The Algorithm: Spec-Avg

The resulting algorithm is elegant and surprisingly simple. It effectively “truncates” the infinite series of eigenfunctions at a certain frequency \(D\) (based on sample size \(n\)) and solves a Quadratic Program for each frequency.

Here is the step-by-step process:

  1. Unconstrained Estimation: First, compute a naive estimate of the coefficients \(\widetilde{f}_{\lambda, \ell}\) based on the data. This is just a weighted sum of the eigenfunctions evaluated at the data points. Empirical estimation of coefficients.

  2. Projection (The Correction): We effectively take this naive estimate and “project” it onto the space of invariant functions. We find the closest coefficients \(\widehat{f}_{\lambda, \ell}\) to our naive estimate that satisfy the symmetry constraints. Optimization problem for coefficients.

Because the constraints are linear, this optimization problem has a closed-form solution. We don’t need to run a gradient descent loop; we can just compute it using matrix operations.

Closed-form solution for coefficients.

  1. Reconstruction: Finally, we sum up the corrected coefficients to get our invariant estimator \(\widehat{f}(x)\). Final estimator reconstruction.

Does It Work? The Experiments

Theory is good, but does it hold up in practice? The authors tested the Spec-Avg algorithm against standard Kernel Ridge Regression (KRR) on a high-dimensional Torus with sign-invariance symmetries.

Exact Invariance

First, they measured the Invariance Discrepancy (ID)—a metric of how much the model violates the symmetry.

Definition of Invariance Discrepancy.

As shown in Figure 1 below, standard KRR (the colored lines) fails to achieve exact invariance. The discrepancy decreases as we add data, but it never hits zero. In contrast, Spec-Avg is mathematically guaranteed to have an ID of exactly 0 (not plotted because it would just be a flat line at the bottom).

Figure 1: Invariance Discrepancy vs Samples.

Generalization Performance

Crucially, enforcing this exact invariance does not hurt the model’s ability to learn. The authors proved theoretically that Spec-Avg achieves the same optimal convergence rate as standard methods: \(\mathcal{O}(n^{-\alpha/(1+\alpha)})\).

Figure 2 confirms this empirically.
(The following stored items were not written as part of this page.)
(* Consider a fair allocation instance with agents $a_1,\dots,a_n$, a finite set $M$ of $m$ indivisible goods, binary XOS valuations $v_1,\dots,v_n$, and entitlements $b_1,\dots,b_n>0$ with $\sum_{i}b_i=1$. Rename the agents so that $\frac{\lceil \mathsf{APS}_1/2\rceil}{b_1}\le \frac{\lceil \mathsf{APS}_2/2\rceil}{b_2}\le\cdots\le\frac{\lceil \mathsf{APS}_n/2\rceil}{b_n}$. Run the following procedure: set $R\gets M$; for $i=1,\dots,n$ in this order, if $v_i(R)\ge\lceil \mathsf{APS}_i/2\rceil$, give $a_i$ a bundle $A_i\subseteq R$ with $v_i(A_i)=|A_i|=\lceil \mathsf{APS}_i/2\rceil$ and set $R\gets R\setminus A_i$ (otherwise the procedure fails); finally allocate the goods remaining in $R$ arbitrarily. Then the procedure never fails, i.e. at every step $i$ such a bundle $A_i$ exists, and the resulting allocation $A$ of $M$ satisfies $v_i(A_i)\ge \frac12\mathsf{APS}_i$ for every agent $a_i$; in particular a $\frac12$-APS allocation always exists.
   Context: A valuation $v:2^M\to\mathbb{R}_{\ge0}$ is XOS if there is a finite collection of additive functions $\{\ell_t\}_t$ with nonnegative item values such that $v(S)=\max_t\ell_t(S)$ for all $S\subseteq M$. It has binary marginals if $v(\varnothing)=0$ and $v(S\cup\{g\})-v(S)\in\{0,1\}$ for all $S\subseteq M$, $g\in M$; ''binary XOS'' means XOS with binary marginals. An allocation is a partition $(A_1,\dots,A_n)$ of $M$ with $A_i$ given to $a_i$. With $\mathcal{P}=\{p\in\mathbb{R}^m_{\ge0}:\sum_{g\in M}p_g=1\}$ and $p(S)=\sum_{g\in S}p_g$, the AnyPrice share of $a_i$ is $\mathsf{APS}_i=\min_{p\in\mathcal{P}}\max_{S\subseteq M,\ p(S)\le b_i}v_i(S)$. An allocation is $\alpha$-APS if $v_i(A_i)\ge\alpha\,\mathsf{APS}_i$ for all $i$. *)

From HB Require Import structures.
From mathcomp Require Import all_boot all_order all_algebra.
From mathcomp Require Import reals.
Set Implicit Arguments. Unset Strict Implicit. Unset Printing Implicit Defensive.
Import Order.TTheory GRing.Theory Num.Theory.
Local Open Scope ring_scope.

Section Defs.
Variables (R : realType) (M : finType).

Definition price (p : M -> R) (S : {set M}) : R := \sum_(g in S) p g.

Definition XOS (v : {set M} -> R) : Prop :=
  exists (k : nat) (w : 'I_k -> M -> R),
    [/\ (0 < k)%N, (forall t g, 0 <= w t g) &
        forall S : {set M}, v S = \big[Num.max/0]_(t < k) price (w t) S].

Definition binary_marginals (v : {set M} -> R) : Prop :=
  v set0 = 0 /\
  forall (S : {set M}) (g : M), (v (g |: S) - v S == 0) || (v (g |: S) - v S == 1).

Definition binary_XOS (v : {set M} -> R) : Prop := XOS v /\ binary_marginals v.

Definition price_vector (p : M -> R) : Prop :=
  (forall g, 0 <= p g) /\ \sum_g p g = 1.

(* max_{S : p(S) <= b} v(S)  (the empty set is always feasible; values >= 0) *)
Definition best_affordable (v : {set M} -> R) (b : R) (p : M -> R) : R :=
  \big[Num.max/0]_(S : {set M} | price p S <= b) v S.

(* AnyPrice share: min over price vectors (rendered as the infimum of the set
   of attained values, which is a minimum here) *)
Definition APS (v : {set M} -> R) (b : R) : R :=
  inf (fun y : R => exists p : M -> R, price_vector p /\ y = best_affordable v b p).

Definition half_aps_ceil (v : {set M} -> R) (b : R) : R :=
  (Num.ceil (APS v b / 2))%:~R.

Definition allocation (n : nat) (A : 'I_n -> {set M}) : Prop :=
  (forall i j : 'I_n, i != j -> [disjoint A i & A j]) /\
  \bigcup_(i < n) A i = [set: M].

Definition good_bundle (v : {set M} -> R) (c : R) (B : {set M}) : Prop :=
  v B = (#|B|)%:R /\ (#|B|)%:R = c.

End Defs.

(* Write c_i = ceil(APS_i/2). Under binary marginals a set of minimum size among those of
   value at least c_i has value exactly c_i, and an additive clause supporting it gives
   each of its goods weight at least 1, so it is a bundle of c_i goods worth one each.
   When agent k's turn comes, price each good of an earlier bundle A_j at b_j/c_j; these
   prices sum to at most 1 - b_k, so the missing mass can be spread uniformly over all goods.
   By the ordering of the agents every taken good then costs more than b_k/c_k.
   A set affordable with budget b_k thus holds fewer than c_k taken goods, each adding at
   most 1 to v_k; so if the remaining goods were worth less than c_k to agent k, we would
   get APS_k <= 2c_k - 2, contradicting c_k < APS_k/2 + 1. *)

From HB Require Import structures.
From mathcomp Require Import all_boot all_order all_algebra.
From mathcomp Require Import reals boolp lra.
From mathcomp Require classical_sets.
Import Order.TTheory GRing.Theory Num.Theory.
Local Open Scope ring_scope.
Set Implicit Arguments. Unset Strict Implicit. Unset Printing Implicit Defensive.

Section Valuations.
Variables (R : realType) (M : finType).
Implicit Types (v : {set M} -> R) (p q w : M -> R) (S T B D : {set M}).

Lemma natr_le_subr1 (m c : nat) : (m < c)%N -> m%:R <= c%:R - 1 :> R.
Proof. by move=> mc; rewrite lerBrDr natr1 ler_nat. Qed.

Lemma price_ge0 w S : (forall g, 0 <= w g) -> 0 <= price w S.
Proof. by move=> w0; apply: sumr_ge0. Qed.

Lemma price_subset w S T :
  (forall g, 0 <= w g) -> S \subset T -> price w S <= price w T.
Proof.
move=> w0 sST; rewrite /price [leRHS](big_setID S) /= (setIidPr sST) lerDl.
exact: price_ge0.
Qed.

Lemma XOS_supporting v S : XOS v ->
  exists w, [/\ forall g, 0 <= w g, price w S = v S & forall T, price w T <= v T].
Proof.
case=> k [w [k0 w0 vE]].
have [t _ tE] := eq_bigmax (Ordinal k0) xpredT (fun t => price (w t) S) isT
  (fun t _ => price_ge0 S (w0 t)).
exists (w t); split => [//||T]; first by rewrite vE tE.
by rewrite vE (bigD1 t) //= le_max lexx.
Qed.

Lemma XOS_ge0 v S : XOS v -> 0 <= v S.
Proof. by move=> /(XOS_supporting S) [w [w0 <- _]]; apply: price_ge0. Qed.

Lemma XOS_monotone v S T : XOS v -> S \subset T -> v S <= v T.
Proof.
move=> /(XOS_supporting S) [w [w0 <- wv]] sST.
exact: le_trans (price_subset w0 sST) (wv T).
Qed.

Lemma XOS_subadditive v S T : XOS v -> v (S :|: T) <= v S + v T.
Proof.
move=> /(XOS_supporting (S :|: T)) [w [w0 <- wv]].
rewrite /price (big_setID S) /= (setIidPr (subsetUl S T)) lerD ?(wv S) //.
apply: le_trans (wv T); apply: price_subset => //.
by rewrite setDUl setDv set0U subDset subsetUr.
Qed.

Lemma binary_marginals_setU1 v S g : binary_marginals v ->
  v (g |: S) = v S \/ v (g |: S) = v S + 1.
Proof.
case=> _ /(_ S g) /orP[] /eqP dv; [left | right].
  by apply/eqP; rewrite -subr_eq0 dv.
by rewrite -dv addrC subrK.
Qed.

Lemma binary_marginals_natr v S : binary_marginals v ->
  exists2 m : nat, v S = m%:R & (m <= #|S|)%N.
Proof.
move=> vbm; have [k] := ubnP #|S|; elim: k S => // k IH S.
case: (set_0Vmem S) => [-> _|[g gS]]; first by exists 0%N; case: vbm.
rewrite (cardsD1 g) gS add1n ltnS => /IH[m vS mS].
rewrite -[in v S](setD1K gS); case: (binary_marginals_setU1 (S :\ g) g vbm) => ->.
  by exists m => //; apply: leqW.
by exists m.+1; rewrite ?vS ?natr1.
Qed.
The test error for Spec-Avg (solid lines) decreases at the same rate as KRR (shaded regions). You get the benefit of exact physics compliance without paying a penalty in accuracy.

Figure 2: Test Error vs Samples.

Conclusion

The contribution of this paper is significant for the field of Geometric Deep Learning. It proves that we do not need to enumerate every possible symmetry transformation to learn invariant functions.

By shifting the perspective from the spatial domain to the spectral domain, the authors converted a computationally intractable problem (summing over a massive group) into a manageable set of linear constraints solvable in polynomial time.

Key Takeaways:

  1. Polynomial Time: This is the first algorithm to achieve exact invariance for kernels in time polynomial in \(n\), \(d\), and \(\log|G|\).
  2. No Statistical Trade-off: The method converges to the true function just as fast as non-invariant methods.
  3. Generators are Key: Using the generating set of a group is the secret to avoiding the curse of dimensionality in group size.

For students and practitioners, this work opens the door to more rigorous machine learning applications in physics and chemistry, where “mostly invariant” just isn’t good enough.